BTK and PLCG2 remain unmutated in one-third of patients with CLL relapsing on ibrutinib

Silvia Bonfiglio  1   2 Lesley-Ann Sutton  3 Viktor Ljungström  3   4 Antonella Capasso  5 Tatjana Pandzic  4 Simone Weström  4 Hassan Foroughi-Asl  3 Aron Skaftason  3 Anna Gellerbring  6   7 Anna Lyander  6   7   8 Francesca Gandini  2   9 Gianluca Gaidano  10 Livio Trentin  11 Lisa Bonello  12   13 Gianluigi Reda  14 Csaba Bödör  15   16 Niki Stavroyianni  17 Constantine S Tam  18   19 Roberto Marasca  20 Francesco Forconi  21   22 Panayiotis Panayiotidis  23 Ingo Ringshausen  24 Ozren Jaksic  25 Anna Maria Frustaci  26 Sunil Iyengar  27 Marta Coscia  13   28 Stephen P Mulligan  29 Loïc Ysebaert  30 Vladimir Strugov  31 Carolina Pavlovsky  32 Renata Walewska  33 Anders Österborg  34 Diego Cortese  3 Pamela Ranghetti  2 Panagiotis Baliakas  4 Kostas Stamatopoulos  35 Lydia Scarfò  2   5   9 Richard Rosenquist  3   36 Paolo Ghia  2   5   9
Affiliations
Observational Study

BTK and PLCG2 remain unmutated in one-third of patients with CLL relapsing on ibrutinib

Silvia Bonfiglio et al. Blood Adv. .

Abstract

Patients with chronic lymphocytic leukemia (CLL) progressing on ibrutinib constitute an unmet need. Though Bruton tyrosine kinase (BTK) and PLCG2 mutations are associated with ibrutinib resistance, their frequency and relevance to progression are not fully understood.

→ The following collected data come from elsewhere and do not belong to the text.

(* Consider the Normal Partizan Domination game on a star $K_{1,n}$ with $n\geq 1$, whose universal (center) vertex has color $C$, with $a$ leaves of color $A$ and $b=n-a$ leaves of color $B$. If $a=b$, the value is $*2$. If $|a-b|=1$, the value is $*$. If $a\geq b+2$, the value is $\uparrow^{[a-b-1]}*$. If $b\geq a+2$, the value is $\downarrow_{[b-a-1]}*$.
   Context: Normal Partizan Domination game: a finite graph $G$ has each vertex colored $A$, $B$ or $C$. Alice and Bob alternately select a vertex; Alice may only select vertices colored $A$ or $C$, Bob only vertices colored $B$ or $C$. A vertex $u$ dominates $v$ if $u=v$ or $uv$ is an edge. A vertex may be selected only if it is playable, i.e. it dominates at least one vertex not dominated by the previously selected vertices; the game ends when the selected vertices form a dominating set. Under normal play the player unable to move loses. The game is regarded as a partizan combinatorial game with Alice as Left and Bob as Right, and its value is its value in Conway's combinatorial game theory ($\{X\mid Y\}$ has Left options $X$ and Right options $Y$; $G=H$ iff $G+(-H)$ is a second-player win). Notation: $*=\{0\mid 0\}$, $*2=\{0,*\mid 0,*\}$, $\uparrow=\{0\mid *\}$, $\downarrow=\{*\mid 0\}$; $\uparrow^{[1]}=\uparrow$, $\uparrow^{[m]}=\{\uparrow^{[m-1]}\mid *\}$ for $m\geq 2$; $\downarrow_{[1]}=\downarrow$, $\downarrow_{[m]}=\{*\mid \downarrow_{[m-1]}\}$ for $m\geq 2$; $J*$ denotes $J+*$. *)

From mathcomp Require Import all_boot.
Set Implicit Arguments. Unset Strict Implicit. Unset Printing Implicit Defensive.

Inductive game : Type := Game : seq game -> seq game -> game.

Definition left_opts (G : game) := let: Game L _ := G in L.
Definition right_opts (G : game) := let: Game _ R := G in R.

Fixpoint gadd (G H : game) {struct G} : game :=
  match G with Game GL GR =>
    let fix addH (H : game) : game :=
      match H with Game HL HR =>
        Game ([seq gadd g H | g <- GL] ++ [seq addH h | h <- HL])
             ([seq gadd g H | g <- GR] ++ [seq addH h | h <- HR])
      end in addH H
  end.

Fixpoint gneg (G : game) : game :=
  match G with Game L R => Game [seq gneg g | g <- R] [seq gneg g | g <- L] end.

In this multicenter retrospective observational study, we analyzed 98 patients with CLL on ibrutinib (49 relapsing after an initial response and 49 still responding after ≥1 year of continuous treatment) using a next-generation sequencing (NGS) panel (1% sensitivity) comprising 13 CLL-relevant genes including BTK and PLCG2. BTK hotspot mutations were validated by droplet digital polymerase chain reaction (ddPCR) (0.1% sensitivity). By integrating NGS and ddPCR results, 32 of 49 relapsing cases (65%) carried at least 1 hotspot BTK and/or PLCG2 mutation(s); in 6 of 32, BTK mutations were only detected by ddPCR (variant allele frequency [VAF] 0.1% to 1.2%). BTK/PLCG2 mutations were also identified in 6 of 49 responding patients (12%; 5/6 VAF <10%), of whom 2 progressed later. Among the relapsing patients, the BTK-mutated (BTKmut) group was enriched for EGR2 mutations, whereas BTK-wildtype (BTKwt) cases more frequently displayed BIRC3 and NFKBIE mutations. Using an extended capture-based panel, only BRAF and IKZF3 mutations showed a predominance in relapsing cases, who were enriched for del(8p) (n = 11; 3 BTKwt). Finally, no difference in TP53 mutation burden was observed between BTKmut and BTKwt relapsing cases, and ibrutinib treatment did not favor selection of TP53-aberrant clones. In conclusion, we show that BTK/PLCG2 mutations were absent in a substantial fraction (35%) of a real-world cohort failing ibrutinib, and propose additional mechanisms contributing to resistance.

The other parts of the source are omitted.